Other museums have since followed through with ending their docent programmes, including the Hirshhorn Museum in Washington, DC, in 2014 and, more recently, Alabama’s Birmingham Museum of Art, the Oakland Museum of California and the Portland Art Museum in Oregon. Another increasingly common approach—adopted by the AIC, the Fine Arts Museums of San Francisco (FAMSF) and others—is to place school tours under the auspices of paid staff and offer docents a more limited purview, like leading special exhibition tours or assembling materials for teachers.
“We looked at the pros and cons, and decided it was in the museum’s best interest to retain our docents, but we had to make it work for us,” says Sheila Pressley, FAMSF’s director of education. Every docent had to go through a comprehensive retraining, including mandatory equity training. “It has been very difficult for a lot of docents,” Pressley says. “We have had some attrition.”
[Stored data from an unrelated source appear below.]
Lemma height_lt_arc : u a - u0 < arc (c / a) a.
Proof.
  pose proof contact_le_1.
  assert (Hc : 0 < c / a) by (apply Rdiv_lt_0_compat; [apply contact_pos | lra]).
  assert (Hrange : forall t, 0 <= t < a -> 0 <= c / a * t < 1).
  { intros t Ht. assert (c / a * t < c / a * a) by (apply Rmult_lt_compat_l; lra).
    replace (c / a * a) with c in * by (field; lra). split; [apply Rmult_le_pos |]; lra. }
  assert (Hderiv : forall t, 0 <= t < a ->
    is_derive (fun t => arc (c / a) t - u t) t (tan_of_sin (c / a * t) - du t)).
  { intros t Ht. apply (is_derive_minus (arc (c / a)) u); [| now apply u_derive].
    apply is_derive_arc; [exact Hc | pose proof (Hrange t Ht); lra]. }
  assert (Hpos : forall t, 0 < t < a -> 0 < tan_of_sin (c / a * t) - du t).
  { intros t Ht. rewrite <- (tan_of_sin_psi du t).
    pose proof (sin_psi_lt_chord t Ht). pose proof (sin_psi_pos t Ht).
    pose proof (Hrange t ltac:(lra)).
    assert (tan_of_sin (s t) < tan_of_sin (c / a * t)) by (apply tan_of_sin_lt; lra). lra. }
  assert (Hlim : filterlim (fun t => arc (c / a) t - u t) (at_left a)
                   (locally (arc (c / a) a - u a))).
  { apply filterlim_Rminus; [| exact u_lim].
    apply filterlim_at_left_of_continuous, continuous_arc. }
  pose proof (is_derive_pos_lt_left_lim _ _ 0 a _ a_pos Hderiv Hpos Hlim) as Hlt.
  cbv beta in Hlt. rewrite arc_0, u_at_0 in Hlt. lra.
Qed.

Lemma energy_at_wall : sqrt (1 - c ^ 2) + kappa * u a ^ 2 / 2 = 1 + kappa * u0 ^ 2 / 2.
Proof.
  set (E := fun t => sqrt (1 - s t ^ 2) + kappa * u t ^ 2 / 2).
  assert (Hlim : filterlim E (at_left a) (locally (sqrt (1 - c ^ 2) + kappa * u a ^ 2 / 2))).
  { apply filterlim_Rplus.
    - apply (filterlim_comp _ _ _ s (fun x => sqrt (1 - x ^ 2)) _ _ _ contact).
      apply (continuous_sqrt_comp (fun x => 1 - x ^ 2)).
      apply (ex_derive_continuous (K := R_AbsRing) (V := R_NormedModule)). auto_derive. auto.
    - apply (filterlim_comp _ _ _ u (fun x => kappa * x ^ 2 / 2) _ _ _ u_lim).
      apply (ex_derive_continuous (K := R_AbsRing) (V := R_NormedModule)
               (fun x => kappa * x ^ 2 / 2)).
      auto_derive. auto. }
  assert (Hconst : filterlim E (at_left a) (locally (1 + kappa * u0 ^ 2 / 2))).
  { apply (filterlim_ext_loc (fun _ => 1 + kappa * u0 ^ 2 / 2)); [| apply filterlim_const].
    apply (filter_imp (fun t => 0 < t < a)); [| exact (at_left_interval 0 a a_pos)].
    intros t Ht. symmetry. apply energy_conservation. lra. }
  exact (filterlim_locally_unique (F := at_left a) E _ _ Hlim Hconst).
Qed.

End Capillary.

Theorem mainTheorem9 (kappa u0 a gamma : R) (u du : R -> R) :
  0 < kappa -> 0 < u0 -> 0 < a -> 0 <= gamma < PI / 2 ->
  capillary_solution kappa u0 a u du ->
  (* u extends continuously to r = a (this defines u(a)) *)
  filterlim u (at_left a) (locally (u a)) ->
  (* sin psi extends continuously to r = a with value cos gamma *)
  filterlim (sin_psi du) (at_left a) (locally (cos gamma)) ->
  let q := u a - u 0 in
  (1 / (kappa * u0) * (1 - sqrt (1 - a ^ 2 * kappa ^ 2 * u0 ^ 2)) < q /\
   q < a / cos gamma * (1 - sin gamma)) /\
  q > 2 * a * (1 - sin gamma) /
        (1 + sqrt (1 + 2 * kappa * a ^ 2 * (1 - sin gamma))).
Proof.
  intros Hk Hu0 Ha Hg Hsol Hlu Hls q.
  assert (Hcos : 0 < cos gamma <= 1) by (split; [apply cos_gt_0 | apply COS_bound]; lra).
  assert (Hsin : sqrt (1 - cos gamma ^ 2) = sin gamma).
  { rewrite <- (sin2_cos2 gamma). unfold Rsqr. replace (_ + _ - _) with (sin gamma ^ 2) by ring.
    apply sqrt_pow2, sin_ge_0; lra. }
  pose proof (arc_lt_height _ _ _ _ _ _ Hk Hu0 Ha Hsol Hlu Hls) as Hlower.
  pose proof (height_lt_arc _ _ _ _ _ _ Hk Hu0 Ha Hsol Hlu Hls) as Hupper.
  pose proof (energy_at_wall _ _ _ _ _ _ Ha Hsol Hlu Hls) as Henergy.
  pose proof (u0_lt_u_wall _ _ _ _ _ Hk Hu0 Ha Hsol Hlu) as Hq.
  pose proof (kappa_u0_a_lt_contact _ _ _ _ _ _ Hk Hu0 Ha Hsol Hls) as Hcontact.
  unfold arc in Hlower, Hupper. rewrite Hsin in Henergy.
  replace (cos gamma / a * a) with (cos gamma) in Hupper by (field; lra).
  rewrite Hsin in Hupper.
  replace ((kappa * u0 * a) ^ 2) with (a ^ 2 * kappa ^ 2 * u0 ^ 2) in Hlower by ring.
  destruct Hsol as (_ & _ & Hu00 & _). unfold q. rewrite Hu00.
  split; [split |].
  - exact Hlower.
  - replace (a / cos gamma) with (1 / (cos gamma / a)) by (field; lra). exact Hupper.
  - apply Rlt_gt, (energy_relation_lower_bound kappa u0 a); [lra .. |]. lra.
Qed.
At the same time, FAMSF launched programmes designed to attract a younger, more diverse guide pool. (When the museum hosted the exhibition Soul of a Nation: Art in the Age of Black Power 1963-1983 in 2019, only two of its roughly 200 docents were Black, Pressley says.) Today, volunteers can sign on to give tours of four objects that fit under a specific theme. Unlike docents, who train for two years, these new gallery guides take an eight-week course.
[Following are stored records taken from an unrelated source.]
Lemma potential_update_step Xb dl z dn i : pos_vec n z -> (i < n)%nat -> dn i = false ->
  0 <= Xb i <= d * w i -> 0 <= dl i <= 1 ->
  (price_rate lam (Xb i) (w i) < 0 -> x i z <= d * w i) ->
  marked_potential Xb dl (upd z i (z i * (1 + price_rate lam (Xb i) (w i)))) (mark i dn)
    <= marked_potential Xb dl z dn.
Proof.
  intros Hz Hi Hdn HXb Hdl Hcut.
  pose proof (Hw i Hi). pose proof (Hz i Hi). assert (lam < 1) by nra.
  pose proof (price_rate_bounds lam (Xb i) (w i) ltac:(lra) ltac:(lra) (proj1 HXb)) as Hr.
  set (r := price_rate lam (Xb i) (w i)) in *. set (s := z i * (1 + r)).
  assert (Hs : 0 < s) by (unfold s; nra).
  apply potential_upd_le; auto.
  set (xt := x i z). set (xh := x i (upd z i s)).
  assert (0 < xt) by (apply Hxpos; auto). assert (0 < xh) by (apply Hxpos, pos_vec_upd; auto).
  assert (HK : (1 + r) * Rabs (xh - w i) + Rabs ((1 + r) * xh - xt)
      <= span3 xt (Xb i) (w i) - c * Rabs (w i - Xb i) * dl i).
  { apply (update_bound E d lam c); auto; try lra.
    - intros Hr0. fold r in Hr0 |- *. destruct (demand_response_raise z i s Hz Hi ltac:(unfold s; nra)) as [Hrev Hdrop].
      fold xt xh in Hrev, Hdrop. split.
      + apply (Rmult_le_reg_l (z i)); [lra|]. unfold s in Hrev. nra.
      + replace (E * (s - z i) / z i) with (E * r) in Hdrop by (unfold s; field; lra). lra.
    - intros Hr0. fold r in Hr0 |- *. destruct (demand_response_cut z i s Hz Hi ltac:(unfold s; nra)) as [Hrev Hdrop].
      fold xt xh in Hrev, Hdrop. split; [|split; auto].
      + apply (Rmult_le_reg_l (z i)); [lra|]. unfold s in Hrev. nra.
      + replace (1 - E * (1 - s / z i)) with (1 + E * r) in Hdrop by (unfold s; field; lra). lra. }
  replace (s * xh - z i * xt) with (z i * ((1 + r) * xh - xt)) by (unfold s; ring).
  rewrite Rabs_mult, (Rabs_right (z i)) by lra. unfold s.
  replace (z i * (1 + r) * Rabs (xh - w i) + z i * Rabs ((1 + r) * xh - xt))
    with (z i * ((1 + r) * Rabs (xh - w i) + Rabs ((1 + r) * xh - xt))) by ring.
  apply Rmult_le_compat_l; lra.
Qed.

Variables (Xb dl q q' : nat -> R) (U : nat -> bool).
Hypothesis Hq : pos_vec n q.
Hypothesis HU1 : forall i, (i < n)%nat -> U i = true -> q' i = q i * (1 + price_rate lam (Xb i) (w i)).
Hypothesis HU0 : forall i, (i < n)%nat -> U i = false -> q' i = q i.
Hypothesis HXb : forall i, (i < n)%nat -> 0 <= Xb i <= d * w i.
Hypothesis Hdl : forall i, (i < n)%nat -> 0 <= dl i <= 1.
Hypothesis Hxq : forall i, (i < n)%nat -> x i q <= d * w i.

Fixpoint apply_updates (sel : nat -> bool) (z : nat -> R) (m : nat) : nat -> R :=
  match m with
  | O => z
  | S k => if sel k then upd (apply_updates sel z k) k (q' k) else apply_updates sel z k
  end.

Fixpoint mark_updates (sel dn : nat -> bool) (m : nat) : nat -> bool :=
  match m with
  | O => dn
  | S k => if sel k then mark k (mark_updates sel dn k) else mark_updates sel dn k
  end.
As museums increasingly present the work of artists who deal explicitly with race and politics, clear boundaries and specialised training are paramount, says Porchia Moore, a museum studies professor at the University of Florida. Otherwise, “you have people taking children to look at a piece of artwork that has extreme racial implications, but they choose not to talk about race, or are uncomfortable talking about race”, she says. “They might avoid the work altogether, avoid questions about race or have no understanding of the historical context. That becomes an issue for the museum.”
Private museums like the Broad in Los Angeles and Glenstone in Maryland—with more financial resources than public institutions—have chosen to forego volunteer docents altogether. Glenstone pays its 50 guides (who range in age from early 20s to mid-80s) more than $20 per hour. Their focus is on engaging the visitor in meaningful conversation rather than delivering talking points. “It’s important for guides to have humility, to feel that they can learn from the visitor,” says Michelle Clair, Glenstone’s senior manager of visitor experience. “You also have to be a people person. It helps when someone has been a server or worked the customer-service desk at an airport.”
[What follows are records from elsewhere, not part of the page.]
(* Consider Setting B with the regular nodes running Algorithm 2, and suppose $\{\mathcal G[k]\}_{k\ge0}$ is jointly strongly $(3f+1)$-robust w.r.t. $\mathcal S$, with $T\in\mathbb N_+$ the interval length from that definition. Then for every $f$-total Byzantine adversarial set and behavior, and every $i\in\mathcal R$: $$\tau_i[k]\neq\omega\ \text{ for all }k\ge (N-|\mathcal S|)T,\qquad\text{and}\qquad \tau_i[k]\le 2(N-|\mathcal S|)T\ \text{ for all }k\ge (N-|\mathcal S|)T.$$
   Context: Setting B. Scalar system $x[k+1]=ax[k]$, $a\in\mathbb R$, monitored by nodes $\mathcal V=\{1,\dots,N\}$ with measurements $y_i[k]=c_ix[k]$, $c_i\in\mathbb R$. Source set $\mathcal S=\{i\in\mathcal V:c_i\neq0\}$. Time-varying directed graphs $\mathcal G[k]=(\mathcal V,\mathcal E[k])$, $\mathcal N_i[k]=\{l\ne i:(l,i)\in\mathcal E[k]\}$; the union graph over an interval has the union of the edge sets. An unknown set $\mathcal A\subseteq\mathcal V$ of adversarial nodes with $|\mathcal A|\le f$ ($f$-total model; $\mathcal A$ may intersect $\mathcal S$); $\mathcal R=\mathcal V\setminus\mathcal A$ are regular. Adversaries are Byzantine: at each time they may send arbitrary, possibly different values (of both estimate and freshness index) to different out-neighbors, or send nothing, and may collude. At each time $k$, each node $l$ sends to its out-neighbors a pair (estimate, freshness index); regular $l$ sends its true $(\hat x_l[k],\tau_l[k])$. Algorithm 2 (executed by regular nodes). Regular source $i\in\mathcal S$: $\tau_i[k]=0$ for all $k$ and $\hat x_i[k+1]=a\hat x_i[k]+l_i(y_i[k]-c_i\hat x_i[k])$ with observer gain $l_i$. Regular non-source $i$: keeps $\hat x_i[k]$ (arbitrary initial), $\tau_i[k]\in\mathbb N\cup\{\omega\}$ with $\tau_i[0]=\omega$, and a list $\mathcal M_i$ of distinct node labels (initially empty, at most $2f+1$ entries, stored in $2f+1$ slots) with, for each $l\in\mathcal M_i$, a stored estimate $v_{i,l}$, stored index $d_{i,l}\in\mathbb N$ and time stamp $\phi_{i,l}$. At time $k$ let $\mathcal J_i[k]$ be the set of $l\in\mathcal N_i[k]$ whose reported index $\tau_l[k]$ lies in $\mathbb N$ and satisfies $\tau_l[k]\le k$. ''Appending $l$ at time $k$'' means: put $l$ in $\mathcal M_i$ (if absent), set $v_{i,l}=\hat x_l[k]$, $d_{i,l}=\tau_l[k]$ (reported values), $\phi_{i,l}=k$. Filtering update (F) at time $k$ (requires $|\mathcal M_i|=2f+1$): set $\tau_i[k+1]=\max_{l\in\mathcal M_i}d_{i,l}+1$; form $\bar x_{i,l}[k]=a^{k-\phi_{i,l}}v_{i,l}$ for $l\in\mathcal M_i$; discard the $f$ largest and $f$ smallest of these $2f+1$ values, call the remaining one $\bar x_i[k]$, and set $\hat x_i[k+1]=a\bar x_i[k]$. Case $\tau_i[k]=\omega$: let $\mathcal J'=\mathcal J_i[k]\setminus\mathcal M_i$. If $|\mathcal M_i|+|\mathcal J'|<2f+1$, append every $l\in\mathcal J'$, set $\tau_i[k+1]=\omega$ and $\hat x_i[k+1]=a\hat x_i[k]$. Otherwise append the $2f+1-|\mathcal M_i|$ nodes of $\mathcal J'$ with smallest reported indices (ties broken arbitrarily) and perform (F). Case $\tau_i[k]\ne\omega$: for each $l\in\mathcal J_i[k]\cap\mathcal M_i$ with reported $\tau_l[k]<d_{i,l}$, append $l$ (refreshing its entries); then rank the nodes of $\mathcal M_i\cup(\mathcal J_i[k]\setminus\mathcal M_i)$ by index ($d_{i,l}$ for $l\in\mathcal M_i$, reported $\tau_l[k]$ otherwise), keep the $2f+1$ with smallest index (ties arbitrary), appending newcomers and deleting dropped nodes (a retained node keeps its storage slot; a newcomer occupies the slot of a dropped node), and perform (F). In all cases, after the step every stored $d_{i,l}$ is incremented by $1$, and $\mathcal M_i$, $v$, $\phi$ carry over to time $k+1$. Definitions. For a graph $\mathcal G=(\mathcal V,\mathcal E)$ with in-neighbor sets $\mathcal N_i$ and $r\in\mathbb N_+$, a set $\mathcal C\subseteq\mathcal V$ is $r$-reachable if some $i\in\mathcal C$ has $|\mathcal N_i\setminus\mathcal C|\ge r$. $\mathcal G$ is strongly $r$-robust w.r.t. $\mathcal S\subset\mathcal V$ if every nonempty $\mathcal C\subseteq\mathcal V\setminus\mathcal S$ is $r$-reachable. A sequence $\{\mathcal G[k]\}$ is jointly strongly $r$-robust w.r.t. $\mathcal S$ if there is $T\in\mathbb N_+$ such that the union graph over $[kT,(k+1)T-1]$ is strongly $r$-robust w.r.t. $\mathcal S$ for every $k\in\mathbb N$. *)

From HB Require Import structures.
From mathcomp Require Import all_boot all_order all_algebra.
Set Implicit Arguments. Unset Strict Implicit. Unset Printing Implicit Defensive.
Import Order.TTheory GRing.Theory Num.Theory.
Local Open Scope ring_scope.

(* A directed graph on nodes 'I_N is a relation E; E l i means (l,i) is an edge. *)
Definition in_nbrs (N : nat) (E : rel 'I_N) (i : 'I_N) : {set 'I_N} :=
  [set l | (l != i) && E l i].

Definition union_graph (N : nat) (G : nat -> rel 'I_N) (k0 len : nat) : rel 'I_N :=
  fun l i => has (fun k => G k l i) (iota k0 len).

Definition r_reachable (N : nat) (E : rel 'I_N) (C : {set 'I_N}) (r : nat) : bool :=
  [exists i in C, (r <= #|in_nbrs E i :\: C|)%N].

Definition strongly_robust (N : nat) (E : rel 'I_N) (S : {set 'I_N}) (r : nat) : Prop :=
  forall C : {set 'I_N}, C != set0 -> C \subset ~: S -> r_reachable E C r.

Definition jointly_strongly_robust_with (N : nat) (G : nat -> rel 'I_N)
    (S : {set 'I_N}) (r T : nat) : Prop :=
  (0 < T)%N /\ forall m : nat, strongly_robust (union_graph G (m * T) T) S r.

(* Freshness indices live in option nat; None stands for omega. *)
Definition message (R : Type) := option (R * option nat).

(* Memory of a non-source node: for each label l, either absent (None) or
   Some (v_{i,l}, d_{i,l}, phi_{i,l}). *)
Definition memory (R : Type) (N : nat) := 'I_N -> option (R * nat * nat).

Section Alg.
Variables (R : realFieldType) (N : nat).

Definition ent_v (e : option (R * nat * nat)) : R :=
  if e is Some (v, _, _) then v else 0.
Definition ent_d (e : option (R * nat * nat)) : nat :=
  if e is Some (_, d, _) then d else 0%N.
Definition ent_phi (e : option (R * nat * nat)) : nat :=
  if e is Some (_, _, p) then p else 0%N.

Definition dom (m : memory R N) : {set 'I_N} := [set l | m l != None].

Definition incr (m : memory R N) : memory R N :=
  fun l => if m l is Some (v, d, p) then Some (v, d.+1, p) else None.

Definition append (m : memory R N) (B : {set 'I_N}) (rv : 'I_N -> R)
    (rd : 'I_N -> nat) (k : nat) : memory R N :=
  fun l => if l \in B then Some (rv l, rd l, k) else m l.

Definition reported (msg : message R) : option (R * nat) :=
  if msg is Some (v, Some d) then Some (v, d) else None.

Definition rep_v (msg : message R) : R :=
  if reported msg is Some (v, _) then v else 0.
Definition rep_d (msg : message R) : nat :=
  if reported msg is Some (_, d) then d else 0%N.

Definition Jset (G : nat -> rel 'I_N) (msgs : nat -> 'I_N -> 'I_N -> message R)
    (k : nat) (i : 'I_N) : {set 'I_N} :=
  [set l in in_nbrs (G k) i |
     if reported (msgs k l i) is Some (_, d) then (d <= k)%N else false].

(* discard the f largest and f smallest of 2f+1 values: the remaining one *)
Definition trimmed (f : nat) (s : seq R) : R := nth 0 (sort (fun x y => x <= y) s) f.

Definition filt_tau (m1 : memory R N) : option nat :=
  Some (\max_(l in dom m1) ent_d (m1 l)).+1.
Definition filt_x (a : R) (f k : nat) (m1 : memory R N) : R :=
  a * trimmed f [seq a ^+ (k - ent_phi (m1 l)) * ent_v (m1 l) | l <- enum (dom m1)].

(* one step of a regular non-source node at time k: from state (x, t, m) to
   (x', t', m'); J is J_i[k], rv / rd the reported estimates / indices.
   Ties are broken arbitrarily, hence a relation. *)
Definition nonsource_step (a : R) (f k : nat) (J : {set 'I_N})
    (rv : 'I_N -> R) (rd : 'I_N -> nat)
    (x : R) (t : option nat) (m : memory R N)
    (x' : R) (t' : option nat) (m' : memory R N) : Prop :=
  match t with
  | None =>
      let J' := J :\: dom m in
      if (#|dom m| + #|J'| < (2 * f).+1)%N then
        [/\ m' = incr (append m J' rv rd k), t' = None & x' = a * x]
      else exists B : {set 'I_N},
        [/\ B \subset J', #|B| = ((2 * f).+1 - #|dom m|)%N,
            {in B & J' :\: B, forall l l', (rd l <= rd l')%N} &
            let m1 := append m B rv rd k in
            [/\ m' = incr m1, t' = filt_tau m1 & x' = filt_x a f k m1]]
  | Some _ =>
      let m0 := append m [set l in J :&: dom m | (rd l < ent_d (m l))%N] rv rd k in
      let C := dom m0 :|: J in
      let idx l := if l \in dom m0 then ent_d (m0 l) else rd l in
      exists K : {set 'I_N},
        [/\ K \subset C, #|K| = (2 * f).+1,
            {in K & C :\: K, forall l l', (idx l <= idx l')%N} &
            let m1 : memory R N := fun l =>
              if l \in K then (if l \in dom m0 then m0 l else Some (rv l, rd l, k))
              else None in
            [/\ m' = incr m1, t' = filt_tau m1 & x' = filt_x a f k m1]]
  end.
It is unclear if docents will have a place in the museums of the future. Running parallel to the debate about how best to greet visitors is one about how museums treat and compensate their workers as more employees unionise. Twenty years from now, reliance on unpaid labour of any kind may seem backwards and antiquated. But, for the time being, FAMSF’s Pressley is confident that plenty of committed docents will survive, and even thrive, amid the industry’s overhaul. “Docents are lifelong learners,” she says. “So if you are able to phrase it as, ‘This is the newest, most interesting and exciting chapter of art history,’ they are on board. Docents don’t want to be telling old stories when there are new stories to tell.”